- Activity -
Look for the line that has "(* Scalars: an" in the material below; please repeat it and every line after it, exactly, up to and including the line that has "Definition Pshift : 'M[R]_n", and nothing else.
── Material for the task ──
(* Let $H_0$ be an admissible Hamiltonian with vector field $f$, let $g=J\nabla K_0$ be associated to $f$ via $B$ (so $\nabla K_0=B\nabla H_0$), and let $\widetilde H_0(x,\varepsilon)=x^T\mathcal H\big(I-\varepsilon^2(J(x)\mathcal H)^2\big)^{-1}x$ and $\widetilde K_0(x,\varepsilon)=x^T\mathcal K\big(I-\varepsilon^2(J(x)\mathcal K)^2\big)^{-1}x$, where $\mathcal H=\nabla^2H_0$, $\mathcal K=\nabla^2K_0=B\mathcal H$. Then $$\nabla_x\widetilde K_0(x,\varepsilon)=B\,\nabla_x\widetilde H_0(x,\varepsilon),$$ and consequently $A\,\nabla_x^2\widetilde H_0(x,\varepsilon)=\nabla_x^2\widetilde H_0(x,\varepsilon)\,A^T$ and $A\,\nabla_x^2\widetilde K_0(x,\varepsilon)=\nabla_x^2\widetilde K_0(x,\varepsilon)\,A^T$ wherever defined.
   Context: Fix an integer $n\ge 2$. Points of $\mathbb R^{2n}$ are $x=(x_1,\dots,x_{2n})^{T}$; write $u=(x_1,\dots,x_n)^T$. Let $X(u)$ be the $n\times n$ matrix with entries $X(u)_{ij}=x_{k}$ where $k\in\{1,\dots,n\}$, $k\equiv i+j-1 \pmod n$, and let $J(x)=\begin{pmatrix}0&X(u)\\-X(u)&0\end{pmatrix}$ (a skew-symmetric $2n\times 2n$ matrix depending linearly on $x$). Let $\mathcal P$ be the $n\times n$ cyclic shift matrix ($\mathcal P_{i,i+1}=1$ for $1\le i\le n-1$, $\mathcal P_{n,1}=1$, all other entries $0$) and $A=\begin{pmatrix}\mathcal P&0\\0&\mathcal P\end{pmatrix}$. An admissible Hamiltonian is a homogeneous quadratic form $H(x)=\tfrac12 x^T\mathcal H x$ with a constant symmetric matrix $\mathcal H=\nabla^2H$ satisfying $A\mathcal H=\mathcal H A^T$; its Hamiltonian vector field is $f(x)=J(x)\nabla H(x)$. Associated vector fields: let $B=\sum_{i=0}^{n-1}\alpha_iA^i$ with $\alpha_i\in\mathbb C$ and $B^2=I$. If $H$ is an admissible Hamiltonian with vector field $f$, put $K(x)=\tfrac12 x^T B\mathcal H x$ (so $\nabla K=B\nabla H$) and $g(x)=J(x)\nabla K(x)=B^Tf(x)$; $g$ is said to be associated to $f$ via $B$. (When $B$ is complex, everything is considered over $\mathbb C^{2n}$.) The functions $\widetilde H_0,\widetilde K_0$ in the claim coincide with the conserved quantities $(2\varepsilon)^{-1}x^TJ(\frac{x+\tilde x}{2})^{-1}\tilde x$, $\tilde x=\Phi_f(x,\varepsilon)$ (resp. with $g$) of the Kahan maps $\Phi_f(x,\varepsilon)=(I-\varepsilon f'(x))^{-1}x$, $\Phi_g$. *)

(* Scalars: an arbitrary numFieldType R (covers real-like and
   complex-like fields, e.g. algC); differentiability is the usual epsilon-delta
   (Frechet) notion w.r.t. the norm `|.| of R. *)
From HB Require Import structures.
From mathcomp Require Import all_boot all_order all_algebra.
Set Implicit Arguments. Unset Strict Implicit. Unset Printing Implicit Defensive.
Import Order.TTheory GRing.Theory Num.Theory.
Local Open Scope ring_scope.

Section Defs.
Variable R : numFieldType.
Variable n : nat.

(* X(u)_{ij} = x_k, k = i+j-1 mod n (1-indexed)  <=>  0-indexed k = (i+j) mod n *)
Definition ord_addmod (i j : 'I_n) : 'I_n :=
  Ordinal (ltn_pmod (i + j) (leq_ltn_trans (leq0n i) (ltn_ord i))).

Definition Xmat (x : 'cV[R]_(n + n)) : 'M[R]_n :=
  \matrix_(i < n, j < n) x (lshift n (ord_addmod i j)) 0.

Definition Jmat (x : 'cV[R]_(n + n)) : 'M[R]_(n + n) :=
  block_mx 0 (Xmat x) (- Xmat x) 0.

Definition Pshift : 'M[R]_n :=
  \matrix_(i < n, j < n) (((j : nat) == (i.+1 %% n)%N)%:R : R).

Definition Amat : 'M[R]_(n + n) := block_mx Pshift 0 0 Pshift.

Definition vnorm (m : nat) (h : 'cV[R]_m) : R := \sum_i `|h i 0|.

Definition is_gradient (F : 'cV[R]_(n + n) -> R) (x g : 'cV[R]_(n + n)) : Prop :=
  forall e : R, 0 < e -> exists2 d : R, 0 < d &
    forall h : 'cV[R]_(n + n), vnorm h < d ->
      `|F (x + h) - F x - (g^T *m h) 0 0| <= e * vnorm h.
Theorem theorem9 :
  exists (C : nat) (A : forall n k : nat, qalg n),
    forall (n k : nat), 1 <= n -> k <= n - 1 ->
    forall N : cpnet n, cpnet_wf N -> acyclic N -> k_bounded k N ->
      same_cpnet (run (A n k) N) N /\
      num_queries (A n k) N <= C * (n * U_k n k + num_edges N * trunc_log 2 n).
Proof.
exists 4, (fun n k => qalg_of (learner (min_universal (n - 1) k) (trunc_log 2 n).+1 k)).
move=> n k n_ge1 k_le N wf acyc k_bnd.
have [S_univ S_le] := min_universalP n k.
have n_lt : n < 2 ^ (trunc_log 2 n).+1 by apply: trunc_log_ltn.
have [same count_le] := learner_correct wf acyc S_univ k_bnd k_le (ltnW n_lt).
rewrite run_qalg_of num_queries_qalg_of; split => //; apply: leq_trans count_le _.
have S_n := leq_mul S_le (leqnn n).
have [n1 | n_ge2] := eqVneq n 1.
  have edges0 : num_edges N = 0.
    by apply/eqP; rewrite -leqn0 -(muln0 n) (_ : 0 = k) ?num_edges_le //; lia.
  by rewrite edges0; lia.
have log_gt0 : 0 < trunc_log 2 n by rewrite trunc_log_gt0 /=; lia.
nia.
Qed.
───
- Written response -
(* Scalars: an arbitrary numFieldType R (covers real-like and
   complex-like fields, e.g. algC); differentiability is the usual epsilon-delta
   (Frechet) notion w.r.t. the norm `|.| of R. *)
From HB Require Import structures.
From mathcomp Require Import all_boot all_order all_algebra.
Set Implicit Arguments. Unset Strict Implicit. Unset Printing Implicit Defensive.
Import Order.TTheory GRing.Theory Num.Theory.
Local Open Scope ring_scope.

Section Defs.
Variable R : numFieldType.
Variable n : nat.

(* X(u)_{ij} = x_k, k = i+j-1 mod n (1-indexed)  <=>  0-indexed k = (i+j) mod n *)
Definition ord_addmod (i j : 'I_n) : 'I_n :=
  Ordinal (ltn_pmod (i + j) (leq_ltn_trans (leq0n i) (ltn_ord i))).

Definition Xmat (x : 'cV[R]_(n + n)) : 'M[R]_n :=
  \matrix_(i < n, j < n) x (lshift n (ord_addmod i j)) 0.

Definition Jmat (x : 'cV[R]_(n + n)) : 'M[R]_(n + n) :=
  block_mx 0 (Xmat x) (- Xmat x) 0.

Definition Pshift : 'M[R]_n :=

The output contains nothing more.